Lemma conj_density_continuous s eps : 0 < eps -> exists eta, 0 < eta /\
  forall u, Rabs u < eta -> Rabs (conj_density (s + u) - conj_density s) < eps.
Proof.
  intros Heps.
  assert (Hcp : continuity_pt h (cdf_inv s)) by (apply continuity_pt_filterlim; apply Hh).
  destruct (Hcp eps Heps) as [eta [Heta Hcl]].
  exists (m * eta); split; [nra|]; intros u Hu; unfold conj_density.
  destruct (Req_dec (cdf_inv (s + u)) (cdf_inv s)) as [E|E].
  { rewrite E, Rminus_diag, Rabs_R0; exact Heps. }
  apply (Hcl (cdf_inv (s + u))); split; [split; [constructor | auto]|].
  simpl; unfold R_dist.
  pose proof (cdf_bilipschitz (cdf_inv (s + u)) (cdf_inv s)) as [Hlo _].
  rewrite !cdf_invK in Hlo; replace (s + u - s) with u in Hlo by ring.
  apply (Rmult_lt_reg_l m); lra.
Qed.

Lemma conj_density_shift rho n p s : rotation_number_is F rho -> (forall y, ex_derive F y) ->
  Rabs (conj_density (s + (INR n * rho - INR p)) - conj_density s)
    <= M * Rabs (Derive (iterate n F) (cdf_inv s) - 1).
Proof.
  intros Hrot HF; set (z := cdf_inv s).
  assert (Hw : s + (INR n * rho - INR p) = cdf h (iterate n F z + IZR (- Z.of_nat p))).
  { rewrite cdf_add_Z, cdf_iterate, (cdf_F0_rotation rho Hrot).
    unfold z; rewrite cdf_invK, opp_IZR, <- INR_IZR_INZ; ring. }
  rewrite Hw, conj_density_cdf, density_add_Z.
  unfold conj_density; fold z; rewrite (density_iterate_derive n z HF).
  replace (h (iterate n F z) - Derive (iterate n F) z * h (iterate n F z))
    with (- (h (iterate n F z) * (Derive (iterate n F) z - 1))) by ring.
  pose proof (Hbounds (iterate n F z)).
  rewrite Rabs_Ropp, Rabs_mult, (Rabs_right (h _)) by lra.
  apply Rmult_le_compat_r; [apply Rabs_pos | lra].
Qed.

End Bounds.
End InvariantDensity.

Lemma pow_minus_one_cases n : (-1) ^ n = 1 \/ (-1) ^ n = -1.
Proof.
  induction n as [|n IH]; simpl; [left; ring|].
  destruct IH as [-> | ->]; [right | left]; ring.
Qed.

## ACTIVITY:
Every line of the data above is to be copied out exactly.

## RESULT BELOW:
Lemma conj_density_continuous s eps : 0 < eps -> exists eta, 0 < eta /\
  forall u, Rabs u < eta -> Rabs (conj_density (s + u) - conj_density s) < eps.
Proof.
  intros Heps.
  assert (Hcp : continuity_pt h (cdf_inv s)) by (apply continuity_pt_filterlim; apply Hh).
  destruct (Hcp eps Heps) as [eta [Heta Hcl]].
  exists (m * eta); split; [nra|]; intros u Hu; unfold conj_density.
  destruct (Req_dec (cdf_inv (s + u)) (cdf_inv s)) as [E|E].
  { rewrite E, Rminus_diag, Rabs_R0; exact Heps. }
  apply (Hcl (cdf_inv (s + u))); split; [split; [constructor | auto]|].
  simpl; unfold R_dist.
  pose proof (cdf_bilipschitz (cdf_inv (s + u)) (cdf_inv s)) as [Hlo _].
  rewrite !cdf_invK in Hlo; replace (s + u - s) with u in Hlo by ring.
  apply (Rmult_lt_reg_l m); lra.
Qed.

Lemma conj_density_shift rho n p s : rotation_number_is F rho -> (forall y, ex_derive F y) ->
  Rabs (conj_density (s + (INR n * rho - INR p)) - conj_density s)
    <= M * Rabs (Derive (iterate n F) (cdf_inv s) - 1).
Proof.
  intros Hrot HF; set (z := cdf_inv s).
  assert (Hw : s + (INR n * rho - INR p) = cdf h (iterate n F z + IZR (- Z.of_nat p))).
  { rewrite cdf_add_Z, cdf_iterate, (cdf_F0_rotation rho Hrot).
    unfold z; rewrite cdf_invK, opp_IZR, <- INR_IZR_INZ; ring. }
  rewrite Hw, conj_density_cdf, density_add_Z.
  unfold conj_density; fold z; rewrite (density_iterate_derive n z HF).
  replace (h (iterate n F z) - Derive (iterate n F) z * h (iterate n F z))
    with (- (h (iterate n F z) * (Derive (iterate n F) z - 1))) by ring.
  pose proof (Hbounds (iterate n F z)).
  rewrite Rabs_Ropp, Rabs_mult, (Rabs_right (h _)) by lra.
  apply Rmult_le_compat_r; [apply Rabs_pos | lra].
Qed.

End Bounds.
End InvariantDensity.

Lemma pow_minus_one_cases n : (-1) ^ n = 1 \/ (-1) ^ n = -1.
Proof.
  induction n as [|n IH]; simpl; [left; ring|].
  destruct IH as [-> | ->]; [right | left]; ring.
Qed.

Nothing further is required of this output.